Results from a number of reported observational studies are inconsistent with regard to increased risk or no increased risk for CV thromboembolic events when clopidogrel is given together with a PPI.
When clopidogrel was given together with a fixed dose combination of esomeprazole 20 mg + ASA 81 mg compared to clopidogrel alone in a reported study in healthy subjects there was a decreased exposure by almost 40% of the active metabolite of clopidogrel.

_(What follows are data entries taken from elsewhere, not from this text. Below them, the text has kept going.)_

Section RegressionSolution.
Variables (nuS : S -> R) (nuA piplus : S -> A -> R).
Hypothesis nuS_gt0 : forall s, 0 < nuS s.
Hypothesis nuA_gt0 : forall s a, 0 < nuA s a.
Hypothesis piplus_policy : is_policy piplus.
Hypothesis piplus_gt0 : forall s a, 0 < piplus s a.
Hypothesis piplus_min : forall pi, is_policy pi -> (forall s a, 0 < pi s a) ->
  loss term f r beta piref nuS nuA piplus <= loss term f r beta piref nuS nuA pi.

Lemma piplus_state_argmin s (q : A -> R) : (forall a, 0 < q a) -> \sum_a q a = 1 ->
  \sum_a nuA s a * (beta^-1 * Aref s a - ln (piplus s a / piref s a)) ^+ 2 <=
  \sum_a nuA s a * (beta^-1 * Aref s a - ln (q a / piref s a)) ^+ 2.
Proof.
move=> q_gt0 sum_q; pose pi s' := if s' == s then q else piplus s'.
have pi_policy : is_policy pi.
  by move=> s'; rewrite /pi; case: eqP => _ //; split=> // a; rewrite ltW.
have pi_gt0 s' a : 0 < pi s' a by rewrite /pi; case: eqP.
pose state_loss (p : S -> A -> R) s' :=
  \sum_a nuA s' a * (beta^-1 * Aref s' a - ln (p s' a / piref s' a)) ^+ 2.
have : 2^-1 * \sum_s' nuS s' * state_loss piplus s' <=
       2^-1 * \sum_s' nuS s' * state_loss pi s'.
  exact: piplus_min pi_policy pi_gt0.
have other_states : \sum_(s' | s' != s) nuS s' * state_loss pi s' =
                    \sum_(s' | s' != s) nuS s' * state_loss piplus s'.
  by apply: eq_bigr => s' /negbTE neq_s's; rewrite /state_loss /pi neq_s's.
rewrite ler_pM2l ?invr_gt0 // (bigD1 s) //= [leRHS](bigD1 s) //= other_states.
by rewrite lerD2r ler_pM2l // /state_loss /pi eqxx.
Qed.

Lemma piplus_le_tilt s a : ~~ term s -> piplus s a <= piref s a * expR (beta^-1 * Aref s a).
Proof.
move=> nterm_s.
apply: (@sqr_dev_ln_argmin_le_tilt _ _ (nuA s) _ _ (fun a => beta^-1 * Aref s a)) => //.
- exact: (piplus_policy s).2.
- exact: sum_piref_expR_Adv_ge1.
- exact: piplus_state_argmin.
Qed.

Lemma logratio_piplus_le_Adv s a : ~~ term s ->
  beta * ln (piplus s a / piref s a) <= Aref s a.
Proof.
move=> nterm_s; rewrite -[leRHS](mulVKf (lt0r_neq0 beta_gt0)) ler_pM2l //.
rewrite -[leRHS]expRK ler_ln ?posrE ?divr_gt0 ?expR_gt0 // ler_pdivrMr //.
by rewrite mulrC piplus_le_tilt.
Qed.
End RegressionSolution.
End SoftPerformanceDifference.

However, the maximum levels of inhibition of (ADP induced) platelet aggregation in these reported subjects were the same in the clopidogrel and the clopidogrel + the combined (esomeprazole + ASA) product groups, likely due to the concomitant administration of low dose ASA.
Omeprazole as well as esomeprazole act as inhibitors of CYP2C19. Omeprazole, given in doses of 40 mg to healthy subjects in a reported cross-over study, increased Cmax and AUC for cilostazol by 18% and 26% respectively, and one of its active metabolites by 29% and 69% respectively.
In healthy volunteers, reported concomitant oral administration of 40 mg esomeprazole resulted in a 32% increase in area under the plasma concentration-time curve (AUC) and a 31% prolongation of elimination half-life (t½) but no significant increase in peak plasma levels of cisapride. The slightly prolonged QTc interval reported after administration of cisapride alone, was not further prolonged when cisapride was given in combination with esomeprazole.
Concomitant administration of esomeprazole has been reported to increase the serum levels of tacrolimus.
When given together with proton pump inhibitors, methotrexate levels have been reported to increase in some patients. In high-dose methotrexate administration a temporary withdrawal of esomeprazole may need to be considered.
Omeprazole has been reported to interact with some antiretroviral drugs. The clinical importance and the mechanisms behind these reported interactions are not always known. Increased gastric pH during omeprazole treatment may change the absorption of the antiretroviral drug. Other possible interaction mechanisms are via CYP2C19. For some antiretroviral drugs, such as atazanavir and nelfinavir, decreased serum levels have been reported when given together with omeprazole and concomitant administration is not recommended. For other antiretroviral drugs, such as saquinavir, increased serum levels have been reported. There are also some antiretroviral drugs for which unchanged serum levels have been reported when given with omeprazole. Due to the similar pharmacodynamic effects and pharmacokinetic properties of omeprazole and esomeprazole, concomitant administration with esomeprazole and antiretroviral drugs such as atazanavir and nelfinavir is not recommended.
Esomeprazole has been reported to have no clinically relevant effects on the pharmacokinetics of amoxicillin or quinidine.
Effects of other drugs on the pharmacokinetics of esomeprazole: Esomeprazole is metabolized by CYP2C19 and CYP3A4. Reported concomitant oral administration of esomeprazole and a CYP3A4 inhibitor, clarithromycin (500 mg b.i.d.), resulted in a doubling of the exposure (AUC) to esomeprazole. Reported concomitant administration of esomeprazole and a combined inhibitor of CYP2C19 and CYP3A4, such as voriconazole, may result in more than doubling of the esomeprazole exposure.
However, those adjustment of esomeprazole is not required in either of these situations.
Drugs known to induce CYP2C19 or CYP3A4 or both (such as rifampicin and St. John's wort) may lead to decreased esomeprazole serum levels by increasing the esomeprazole metabolism.